Densho Digital Archive
Densho Visual History Collection
Title: Jim Akutsu Interview
Narrator: Jim Akutsu
Interviewer: Art Hansen
Location: Seattle, Washington
Date: June 9 and 12, 1997
Densho ID: denshovh-ajim-01-0023

<Begin Segment 23>

AH: Suicide is something that I'm fairly close to myself, having been married to a woman whose father committed suicide and her having a brother who attempted to commit suicide. And I've read enough about people in families sometimes famous like Ernest Hemingway where suicide runs through three or four generations. And I'm wondering about yourself, when you sort of think about the personality dynamics that go into when does a person sort of take their own life? And you're the inheritor of something culturally and through the family and stuff. What are your thoughts about that because I hardly ever get the chance to talk to somebody about such a profound thing as life and death in that way. You contemplated -- I don't mean contemplate suicide -- but do you contemplate the idea of suicide?

JA: No, not me, I never got myself into that position. But in my mother's case, like me, I could take a lot of, what you call crap, from anybody and I used to hand it right back to them. So I was very strong physically, so if somebody says something, I just turned around and I just give them a dirty look and they just back off. But in my mother's case, it was the Issei who constantly, "Hey, your son's a draft evader, coward, chicken shit," and kept pressing, and cut her off, cut her off, cut her off. And there's only one family, Uchida, that communicated with her. All the rest of the Japanese community kind of cut her off, just isolated her.

AH: Here in Seattle?

JA: In Seattle, back here in Seattle. And it was almost like that about the time when all this reactivation of Selective Service and what I was going to do. But I want to get back to this Selective Service where I had the talk with Min Yasui. I want to get back to it -- remind me.

AH: Oh, I'm going to spend a lot of time on that, you bet. Okay, go ahead.

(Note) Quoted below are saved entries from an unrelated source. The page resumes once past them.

Lemma lt_sorted_is_chain (s : seq X) : sorted <%O s -> is_chain s.
Proof.
rewrite lt_sorted_uniq_le => /andP[uniq_s le_s]; split => // a b aS bS.
have mono := sorted_leq_nth le_trans lexx a le_s.
have Ia : index a s \in [pred n | (n < size s)%N] by rewrite inE index_mem.
have Ib : index b s \in [pred n | (n < size s)%N] by rewrite inE index_mem.
rewrite -(nth_index a aS) -(nth_index a bS).
case: (leqP (index a s) (index b s)) => [ab|/ltnW ba].
  by rewrite (mono _ _ Ia Ib ab).
by rewrite (mono _ _ Ib Ia ba) orbT.
Qed.

Lemma len_ge_chain k x y : len_ge k x y ->
  exists2 C : seq X, is_chain C & size C = k.+1.
Proof.
move=> xy; suff [s xs <-] : exists2 s, path <%O x s & size s = k.
  by exists (x :: s) => //; apply: lt_sorted_is_chain.
elim: k x xy => [|k IH] x; first by exists [::].
by case=> z xz /IH [s zs <-]; exists (z :: s); rewrite //= xz.
Qed.

Lemma path_len_ge x (s : seq X) : path <%O x s -> len_ge (size s) x (last x s).
Proof.
elim: s x => [|z s IH] x /=; first by move=> _; apply: lexx.
by case/andP=> xz /IH; exists z.
Qed.

Lemma chain_len_ge (C : seq X) k : is_chain C -> size C = k.+1 ->
  exists x y, len_ge k x y.
Proof.
move=> [uniq_C comp_C] sizeC.
have tot : {in C &, total <=%O} by move=> a b aC bC; apply: comp_C.
have le_s : sorted <=%O (sort <=%O C) by apply: (sort_sorted_in tot); apply/allP.
have : sorted <%O (sort <=%O C) by rewrite lt_sorted_uniq_le sort_uniq uniq_C.
move: sizeC; rewrite -(size_sort <=%O); case: (sort _ C) => [//|x s] /= [<-].
by move=> /path_len_ge xs; exists x, (last x s).
Qed.

Lemma len_ge_length l k x y : length_is X l -> len_ge k x y -> (k <= l)%N.
Proof. by move=> [_ bound] /len_ge_chain [C /bound + sC]; rewrite sC ltnS. Qed.

Lemma length_len_ge l : length_is X l -> exists x y, len_ge l x y.
Proof. by move=> [[C [cC sC]] _]; apply: chain_len_ge cC sC. Qed.

Lemma length_exists (x0 : X) N : (forall x y, ~ len_ge N x y) ->
  exists l, length_is X l.
Proof.
move=> short.
have bounded (C : seq X) : is_chain C -> (size C <= N)%N.
  case sC: (size C) => [//|k] cC; rewrite ltnNge; apply/negP => Nk.
  by have [x [y /(len_geW Nk)]] := chain_len_ge cC sC; apply: short.
pose P n := `[< exists2 C : seq X, is_chain C & size C = n >].
have P1 : P 1%N.
  apply/asboolP; exists [:: x0] => //; split => // a b.
  by rewrite !inE => /eqP-> /eqP->; rewrite lexx.
have ubP n : P n -> (n <= N)%N by move=> /asboolP [C /bounded + <-].
have [n /asboolP [C cC sC] maxP] := ex_maxnP (ex_intro P 1%N P1) ubP.
have n_gt0 : (0 < n)%N by apply: maxP.
exists n.-1; rewrite /length_is prednK //; split; first by exists C.
by move=> D cD; apply: maxP; apply/asboolP; exists D.
Qed.

End IntervalLength.

Lemma ceil_log2_least (P : nat -> Prop) l : ~ P 0%N ->
    (forall n, P n.+1 <-> (l < 2 ^ n)%N) ->
  P (ceil_log2 l.+1).+1 /\ forall m, P m -> ((ceil_log2 l.+1).+1 <= m)%N.
Proof.
move=> nP0 PS; split; first by apply/PS; apply: up_logP.
by case=> [/nP0 //|m /PS lm]; rewrite ltnS; apply: up_log_min.
Qed.

Section DerivedLength.
Context {d : Order.disp_t} (X : porderType d) (T : Type).
Variables (S : nat -> set (X -> X -> T)) (t : X -> X -> T).
Hypothesis S0_nontrivial : ~ S 0 `<=` [set t].
Hypothesis S_agree : forall n,
  S n.+1 `<=` [set f | forall x y, ~ len_ge (2 ^ n) x y -> f x y = t x y].
Hypothesis S_nontrivial : forall n (x y : X),
  len_ge (2 ^ n) x y -> ~ S n.+1 `<=` [set t].

Lemma series_trivialS l n : length_is X l -> S n.+1 `<=` [set t] <-> (l < 2 ^ n)%N.
Proof.
move=> Hl; split=> [Sn_t|l_lt f /S_agree Sf].
  rewrite ltnNge; apply/negP => le_l; have [x [y xy]] := length_len_ge Hl.
  exact: S_nontrivial (len_geW le_l xy) Sn_t.
apply/funext => x; apply/funext => y; apply: Sf => /(len_ge_length Hl).
by rewrite leqNgt l_lt.
Qed.

Lemma series_length_exists (x0 : X) : (exists n, S n `<=` [set t]) ->
  exists l, length_is X l.
Proof.
case=> -[/S0_nontrivial //|n Sn_t]; apply: (length_exists x0 (N := 2 ^ n)).
by move=> x y /S_nontrivial.
Qed.

Lemma series_derived_length l : length_is X l ->
  S (ceil_log2 l.+1).+1 `<=` [set t] /\
  forall m, S m `<=` [set t] -> ((ceil_log2 l.+1).+1 <= m)%N.
Proof. by move=> Hl; apply: ceil_log2_least => // n; apply: series_trivialS. Qed.

End DerivedLength.

Section Convolution.
Context {d : Order.disp_t} (X : porderType d) (K : fieldType).
Local Open Scope ring_scope.
Local Notation inc := (incfun X K).
Local Notation incidence := (@incidence d X K).
Local Notation FI := (@FI d X K).
Local Notation conv := (@Defs.conv d X K).
Local Notation delta := (@delta d X K).
Implicit Types (f g h : inc) (x y z : X).

Lemma conv_nle f g x y : ~~ (x <= y)%O -> conv f g x y = 0.
Proof. by rewrite /Defs.conv => /negbTE ->. Qed.

Lemma conv_incidence f g : incidence (conv f g).
Proof. by move=> x y /negP; apply: conv_nle. Qed.

Lemma conv_diag f g x : conv f g x x = f x x * g x x.
Proof.
rewrite /Defs.conv lexx (_ : [set z | _] = [set x]) ?fsbig_set1 //.
apply/seteqP; split=> z /=; last by move->; rewrite lexx.
by move=> [xz zx]; apply/le_anti; rewrite xz zx.
Qed.

Lemma incidence_le f x y : incidence f -> f x y != 0 -> (x <= y)%O.
Proof. by move=> If nz; apply: contraNT nz => /negP /If ->. Qed.

Lemma incidence_mul_neq0 f g x z y : incidence f -> incidence g ->
  f x z * g z y != 0 -> [/\ (x <= z)%O, (z <= y)%O, f x z != 0 & g z y != 0].
Proof.
move=> If Ig; rewrite mulf_eq0 negb_or => /andP[fz gz].
by split; [apply: incidence_le fz | apply: incidence_le gz | |].
Qed.

Lemma conv_fsbig (A : set X) f g x y : incidence f -> incidence g ->
    (forall z, f x z * g z y != 0 -> A z) ->
  conv f g x y = \sum_(z \in A) f x z * g z y.
Proof.
move=> If Ig suppA; set B := [set z | f x z * g z y != 0].
have B0 z : ~ B z -> f x z * g z y = 0 by move=> /negP; rewrite negbK => /eqP.
have B_itv z : B z -> (x <= z)%O /\ (z <= y)%O.
  by move=> /(incidence_mul_neq0 If Ig) [].
rewrite -(fsbig_widen B A) => [|z /suppA //|z [_ /B0 //]].
rewrite /Defs.conv; case: ifPn => xy.
  by apply/esym/fsbig_widen => [z /B_itv //|z [_ /B0]].
by rewrite fsbig1 // => z /B_itv [xz /(le_trans xz)]; rewrite (negbTE xy).
Qed.

Lemma FI_delta : FI delta.
Proof.
split=> [x y|x y _]; rewrite /delta.
  by case: eqP => // -> /(_ (lexx y)).
apply: sub_finite_set (finite_set0 _) => -[u v] /= [_ uv _].
by rewrite (lt_eqF uv) eqxx.
Qed.

Lemma conv_delta_l g : incidence g -> conv delta g = g.
Proof.
move=> Ig; apply/funext => x; apply/funext => y.
have [Id _] := FI_delta.
rewrite (conv_fsbig (A := [set x]) Id Ig) ?fsbig_set1 /delta ?eqxx ?mul1r //.
by move=> z; case: (x =P z) => [<- //|_]; rewrite mul0r eqxx.
Qed.

Lemma conv_delta_r g : incidence g -> conv g delta = g.
Proof.
move=> Ig; apply/funext => x; apply/funext => y.
have [Id _] := FI_delta.
rewrite (conv_fsbig (A := [set y]) Ig Id) ?fsbig_set1 /delta ?eqxx ?mulr1 //.
by move=> z; case: (z =P y) => [->//|_]; rewrite mulr0 eqxx.
Qed.

Definition row_supp f x y := [set z | [/\ (x <= z)%O, (z <= y)%O & f x z != 0]].
Definition col_supp f x y := [set z | [/\ (x <= z)%O, (z <= y)%O & f z y != 0]].

Definition supp_pairs f x y := [set p : X * X |
  [/\ (x <= p.1)%O, (p.1 < p.2)%O, (p.2 <= y)%O & f p.1 p.2 != 0]].

Lemma row_supp_finite f x y : FI f -> finite_set (row_supp f x y).
Proof.
move=> [_ fin]; have [xy|nxy] := boolP (x < y)%O.
  apply: (@sub_finite_set _ _ ([set x] `|` snd @` supp_pairs f x y)).
    move=> z [xz zy fz]; have [->|zx] := eqVneq z x; [by left | right].
    by exists (x, z) => //; split; rewrite //= lt_def zx.
  by rewrite finite_setU; split; [apply: finite_set1 | apply/finite_image/fin].
apply: sub_finite_set (finite_set1 x) => z [xz zy _] /=; apply/eqP.
by apply: contraNT nxy => zx; rewrite (lt_le_trans _ zy) // lt_def zx.
Qed.

Lemma col_supp_finite f x y : FI f -> finite_set (col_supp f x y).
Proof.
move=> [_ fin]; have [xy|nxy] := boolP (x < y)%O.
  apply: (@sub_finite_set _ _ ([set y] `|` fst @` supp_pairs f x y)).
    move=> z [xz zy fz]; have [->|zy'] := eqVneq z y; [by left | right].
    by exists (z, y) => //; split; rewrite //= lt_def eq_sym zy'.
  by rewrite finite_setU; split; [apply: finite_set1 | apply/finite_image/fin].
apply: sub_finite_set (finite_set1 y) => z [xz zy _] /=; apply/eqP.
by apply: contraNT nxy => zy'; rewrite (le_lt_trans xz) // lt_def eq_sym zy'.
Qed.

Lemma conv_neq0 f g x y : conv f g x y != 0 ->
  exists w, f x w != 0 /\ g w y != 0.
Proof.
rewrite /Defs.conv; case: ifP => _; last by rewrite eqxx.
move=> /(@fsbigN1 _ _ _ unit _ _ (fun _ w => f x w * g w y) tt) [w _].
by rewrite mulf_eq0 negb_or => /andP; exists w.
Qed.

Lemma FI_conv f g : FI f -> FI g -> FI (conv f g).
Proof.
move=> [If Ff] [Ig Fg]; split=> [|x y xy]; first exact: conv_incidence.
pose F := supp_pairs f x y; pose G := supp_pairs g x y.
apply: (@sub_finite_set _ _ (F `|` G `|` [set (p.1, q.2) | p in F & q in G])).
  move=> [u v] /= [xu uv vy /conv_neq0 [w [fw gw]]].
  have uw := incidence_le If fw; have wv := incidence_le Ig gw.
  have [uw_eq|nuw] := eqVneq u w; first by left; right; split; rewrite // uw_eq.
  have [wv_eq|nwv] := eqVneq w v; first by left; left; split; rewrite // -wv_eq.
  right; exists (u, w).
    by split; rewrite //= ?lt_def 1?eq_sym ?nuw ?(le_trans wv).
  by exists (w, v) => //; split; rewrite //= ?lt_def 1?eq_sym ?nwv ?(le_trans xu).
rewrite !finite_setU; split; [split|apply: finite_image2].
all: by [apply: Ff | apply: Fg].
Qed.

JA: But anyway, the Japanese Issei community cut her off, very cold. And then she used to go to church and she used to be just like a janitor. And one day, this Reverend, Reverend Oda -- this was at Nichiren Church -- from the pew he said, "There's a very educated woman who does all the toilet cleaning and you people use it and you don't know about it." But anyway, people figured who it was and they resented and they told her, "Get out, we don't want you here."

AH: The parishioners told her that?

JA: Yeah, so finally she came back, and there's no place for her to go. So she stayed in this one small dingy room and she was just... at the beginning she says, "I can't go anywhere, I can't even go to church." And she sat there, and whatever she was thinking, and that is what led her to committing suicide. But not... she started and she ended up in the Harborview Hospital where she strangled herself. And, you know, the terrible thing was, the night or the day it happened, I heard about that. But the nurse, we were having a kind of a mushroom bake or wiener roast at Alki, and this woman came, and said, and explained how she committed suicide.

AH: She explained to who?

JA: To the whole group.

AH: Really? And you were there?

JA: And I was there and this one... there was a couple of 'em who were nurses at same place, they tried to keep her down, to say that, "Jim is here." And no, she couldn't, she had to blurb the whole thing out, over and over and that's where I found out how she killed herself.

AH: Even when people were trying to tell her that you were there, and then she just kept going on in front of all these people?

JA: Right, and that's the kind of attitude I had to come up through. I was strong enough and I could take that, but my mother, on the other hand, she wasn't, you know, mentally that strong.